Stored items from a collection:
Lemma word_in_repeat_1 n k w m : (forall k, (1 <= k)%nat -> (1 <= n k)%nat) ->
  word_in n k w -> word_in n (k + m) (w ++ repeat 1%nat m).
Proof.
  intros Hn Hw. induction m as [|m IH].
  - now rewrite app_nil_r, Nat.add_0_r.
  - rewrite repeat_S_snoc, app_assoc, Nat.add_succ_r. apply word_in_snoc.
    split; [exact IH|]. specialize (Hn (S (k + m)) ltac:(lia)). lia.
Qed.

Fixpoint descendants (n : nat -> nat) (u : list nat) (k j : nat) : list (list nat) :=
  match j with
  | O => [u]
  | S j' =>
      flat_map (fun w => map (fun i => w ++ [i]) (seq 1 (n (S (k + j'))))) (descendants n u k j')
  end.

Lemma length_descendants n u k j : length (descendants n u k j) = prod_n n k j.
Proof.
  induction j as [|j IH]; simpl; [reflexivity|].
  rewrite (flat_map_length_const _ _ (n (S (k + j)))).
  - rewrite IH, Nat.add_succ_r. reflexivity.
  - intros. now rewrite length_map, length_seq.
Qed.

Lemma NoDup_descendants n u k j : NoDup (descendants n u k j).
Proof.
  induction j as [|j IH]; simpl.
  - constructor; [intros []|constructor].
  - apply NoDup_flat_map; [exact IH| |].
    + intros w _. apply NoDup_map_inv with (f := fun l => last l 0%nat).
      rewrite map_map, (map_ext _ (fun i => i)) by (intros; apply last_last).
      rewrite map_id. apply seq_NoDup.
    + intros x y z _ _ Hxy Hx Hy. apply in_map_iff in Hx as (i & <- & _).
      apply in_map_iff in Hy as (i' & Heq & _). apply app_inj_tail in Heq as [-> _]. congruence.
Qed.

Lemma in_descendants n u k j w : word_in n k u -> In w (descendants n u k j) ->
  word_in n (k + j) w /\ firstn k w = u.
Proof.
  intros Hu. revert w. induction j as [|j IH]; intros w Hw; simpl in Hw.
  - destruct Hw as [<-|[]]. rewrite Nat.add_0_r. split; [exact Hu|].
    apply firstn_all2. rewrite (word_in_length _ _ _ Hu). lia.
  - apply in_flat_map in Hw as (w' & Hw' & Hw). apply in_map_iff in Hw as (i & <- & Hi).
    apply in_seq in Hi. destruct (IH w' Hw') as [H1 H2]. split.
    + rewrite Nat.add_succ_r. apply word_in_snoc. split; [exact H1|lia].
    + rewrite firstn_snoc; [exact H2|]. rewrite (word_in_length _ _ _ H1). lia.
Qed.

Lemma descendants_complete n k j w : word_in n (k + j) w -> In w (descendants n (firstn k w) k j).
Proof.
  revert w. induction j as [|j IH]; intros w Hw; simpl.
  - left. apply firstn_all2. rewrite (word_in_length _ _ _ Hw). lia.
  - rewrite Nat.add_succ_r in Hw. destruct (word_in_S_inv _ _ _ Hw) as (w' & i & -> & Hw' & Hi).
    apply in_flat_map. exists w'. split.
    + rewrite firstn_snoc by (rewrite (word_in_length _ _ _ Hw'); lia). apply IH, Hw'.
    + apply in_map_iff. exists i. split; [reflexivity|]. apply in_seq. lia.
Qed.

Lemma in_descendants_nil n k w : In w (descendants n [] 0 k) <-> word_in n k w.
Proof.
  split.
  - intros Hw. apply (in_descendants n [] 0 k w (word_in_nil n) Hw).
  - intros Hw. apply (descendants_complete n 0 k w Hw).
Qed.

Lemma prod_c_add c k d l : prod_c c k (d + l) = prod_c c k d * prod_c c (k + d) l.
Proof.
  induction l as [|l IH]; simpl.
  - rewrite Nat.add_0_r. ring.
  - rewrite Nat.add_succ_r. simpl. rewrite IH.
    replace (k + S (d + l))%nat with (k + d + S l)%nat by lia. ring.
Qed.

Lemma prod_n_add n k d l : prod_n n k (d + l) = (prod_n n k d * prod_n n (k + d) l)%nat.
Proof.
  induction l as [|l IH]; simpl.
  - rewrite Nat.add_0_r. lia.
  - rewrite Nat.add_succ_r. simpl. rewrite IH.
    replace (k + S (d + l))%nat with (k + d + S l)%nat by lia. lia.
Qed.

Lemma prod_n_1 n k : prod_n n k 1 = n (S k).
Proof. simpl. rewrite Nat.add_1_r. lia. Qed.

Lemma moran_formula_le_of_eventually n c (s : R) :
  (forall eps, 0 < eps -> exists L, forall k l, (1 <= k)%nat -> (L <= l)%nat ->
     ratio n c k l <= s + eps) ->
  Rbar_le (moran_formula n c) s.
Proof.
  intros H. apply Rbar_le_of_forall_lt. intros t Ht. simpl in Ht.
  destruct (H (t - s)) as [L HL]; [lra|].
  eapply Rbar_le_trans; [apply (Inf_seq_lb _ L)|].
  apply Sup_seq_lub. intros m. apply Sup_seq_lub. intros j. simpl.
  replace t with (s + (t - s)) by ring. apply HL; lia.
Qed.

Lemma ratio_lt_of_moran_formula_lt n c (s : R) : Rbar_lt (moran_formula n c) s ->
  exists L, forall k l, (1 <= k)%nat -> (L <= l)%nat -> ratio n c k l < s.
Proof.
  intros Hs.
  destruct (classic (exists L, Rbar_lt (Sup_seq (fun m =>
    Sup_seq (fun j => Finite (ratio n c (S j) (L + m))))) s)) as [[L HL]|Hno].
  - exists L. intros k l Hk Hl.
    assert (Hle : Rbar_le (ratio n c k l)
      (Sup_seq (fun m => Sup_seq (fun j => Finite (ratio n c (S j) (L + m)))))).
    { apply Sup_seq_minor_le with (l - L)%nat.
      replace (L + (l - L))%nat with l by lia.
      apply Sup_seq_minor_le with (k - 1)%nat.
      replace (S (k - 1)) with k by lia. apply Rle_refl. }
    exact (Rbar_le_lt_trans _ _ _ Hle HL).
  - exfalso. apply (Rbar_lt_not_le _ _ Hs). apply Inf_seq_glb. intros L.
    apply Rbar_not_lt_le. intros HL. apply Hno. now exists L.
Qed.

(** * Homogeneous Moran structures *)

Definition basic_length (a b : R) (c : nat -> R) (k : nat) : R := (b - a) * prod_c c 0 k.

Section HomogeneousMoran.

Variables (n : nat -> nat) (c : nat -> R) (M : nat).
Hypothesis Hn : forall k, (1 <= k)%nat -> (1 <= n k)%nat.
Hypothesis HM : forall k, (1 <= k)%nat -> (n k <= M)%nat.
Hypothesis Hc : forall k, (1 <= k)%nat -> 0 < c k.
Hypothesis Hc_half : forall k, (1 <= k)%nat -> c k <= / 2.

Lemma M_ge_1 : (1 <= M)%nat.
Proof. specialize (Hn 1%nat ltac:(lia)). specialize (HM 1%nat ltac:(lia)). lia. Qed.

Lemma pow_M_ge_1 L : (1 <= M ^ L)%nat.
Proof. rewrite <- (Nat.pow_1_l L). apply Nat.pow_le_mono_l, M_ge_1. Qed.

Lemma prod_n_ge_1 k l : (1 <= prod_n n k l)%nat.
Proof.
  induction l as [|l IH]; simpl; [lia|].
  specialize (Hn (k + S l)%nat ltac:(lia)). nia.
Qed.

Lemma prod_n_le_pow k l : (prod_n n k l <= M ^ l)%nat.
Proof.
  induction l as [|l IH]; simpl; [lia|].
  specialize (HM (k + S l)%nat ltac:(lia)). rewrite Nat.mul_comm. now apply Nat.mul_le_mono.
Qed.

Lemma prod_c_pos k l : 0 < prod_c c k l.
Proof.
  induction l as [|l IH]; simpl; [lra|].
  apply Rmult_lt_0_compat; [exact IH | apply Hc; lia].
Qed.

Lemma prod_c_le_pow k l : prod_c c k l <= (/ 2) ^ l.
Proof.
  induction l as [|l IH]; simpl; [lra|].
  pose proof (prod_c_pos k l). specialize (Hc_half (k + S l)%nat ltac:(lia)).
  rewrite Rmult_comm. apply Rmult_le_compat; try lra. apply Rlt_le, Hc. lia.
Qed.

Lemma prod_c_le_1 k l : prod_c c k l <= 1.
Proof.
  induction l as [|l IH]; simpl; [lra|].
  pose proof (prod_c_pos k l). specialize (Hc_half (k + S l)%nat ltac:(lia)).
  rewrite <- (Rmult_1_r 1). apply Rmult_le_compat; try lra. apply Rlt_le, Hc. lia.
Qed.

Lemma neg_ln_prod_c_ge k l : INR l * ln 2 <= - ln (prod_c c k l).
Proof.
  pose proof (prod_c_pos k l) as Hq.
  pose proof (ln_le _ _ Hq (prod_c_le_pow k l)) as Hln.
  rewrite ln_pow, ln_Rinv in Hln by lra. lra.
Qed.

Lemma ratio_nonneg k l : 0 <= ratio n c k l.
Proof.
  unfold ratio. pose proof (prod_c_pos k l). pose proof (prod_c_le_1 k l).
  assert (ln (prod_c c k l) <= 0) by (rewrite <- ln_1; apply ln_le; lra).
  assert (Hp : 1 <= INR (prod_n n k l)) by apply (le_INR 1), prod_n_ge_1.
  assert (0 <= ln (INR (prod_n n k l))) by (rewrite <- ln_1; apply ln_le; lra).
  destruct (Req_dec (ln (prod_c c k l)) 0) as [Heq|Hne].
  - rewrite Heq, Ropp_0. unfold Rdiv. rewrite Rinv_0, Rmult_0_r. lra.
  - apply Rdiv_le_0_compat; lra.
Qed.

Lemma prod_n_le_of_ratio_lt k l s : ratio n c k l < s ->
  INR (prod_n n k l) <= Rpower (/ prod_c c k l) s.
Proof.
  intros Hr. destruct l as [|l].
  - simpl. rewrite Rinv_1, Rpower_1_l. lra.
  - pose proof (prod_c_pos k (S l)). pose proof ln_2_pos.
    pose proof (neg_ln_prod_c_ge k (S l)). pose proof (lt_0_INR (S l) ltac:(lia)).
    assert (HD : 0 < - ln (prod_c c k (S l))) by nra.
    assert (Hp : 1 <= INR (prod_n n k (S l))) by apply (le_INR 1), prod_n_ge_1.
    unfold ratio in Hr. apply Rlt_div_l in Hr; [|lra].
    unfold Rpower. rewrite ln_Rinv by lra. rewrite <- (exp_ln (INR _)) by lra.
    apply Rlt_le, exp_increasing. lra.
Qed.

Lemma prod_n_le_of_ratio_eventually_lt k L s : 0 <= s ->
  (forall l, (L <= l)%nat -> ratio n c k l < s) ->
  forall l, INR (prod_n n k l) <= INR (M ^ L) * Rpower (/ prod_c c k l) s.
Proof.
  intros Hs HL l. pose proof (prod_c_pos k l) as Hq. pose proof (prod_c_le_1 k l).
  assert (HML : 1 <= INR (M ^ L)) by apply (le_INR 1), pow_M_ge_1.
  assert (Hpow : 1 <= Rpower (/ prod_c c k l) s).
  { rewrite <- (Rpower_O (/ prod_c c k l)) by (apply Rinv_0_lt_compat; lra).
    apply Rle_Rpower; [|exact Hs]. rewrite <- Rinv_1. apply Rinv_le_contravar; lra. }
  destruct (Nat.le_gt_cases L l) as [Hl|Hl].
  - apply (Rle_trans _ _ _ (prod_n_le_of_ratio_lt k l s (HL l Hl))).
    rewrite <- (Rmult_1_l (Rpower _ s)) at 1. apply Rmult_le_compat_r; [|exact HML].
    apply Rlt_le, Rpower_pos.
  - apply Rle_trans with (INR (M ^ L)); [|nra].
    apply le_INR, (Nat.le_trans _ _ _ (prod_n_le_pow k l)), Nat.pow_le_mono_r;
      [pose proof M_ge_1|]; lia.
Qed.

**Problem requirements**.
Count the lines in the records above that contain "reflexivity". Reply with the number only.

**Solution**.
3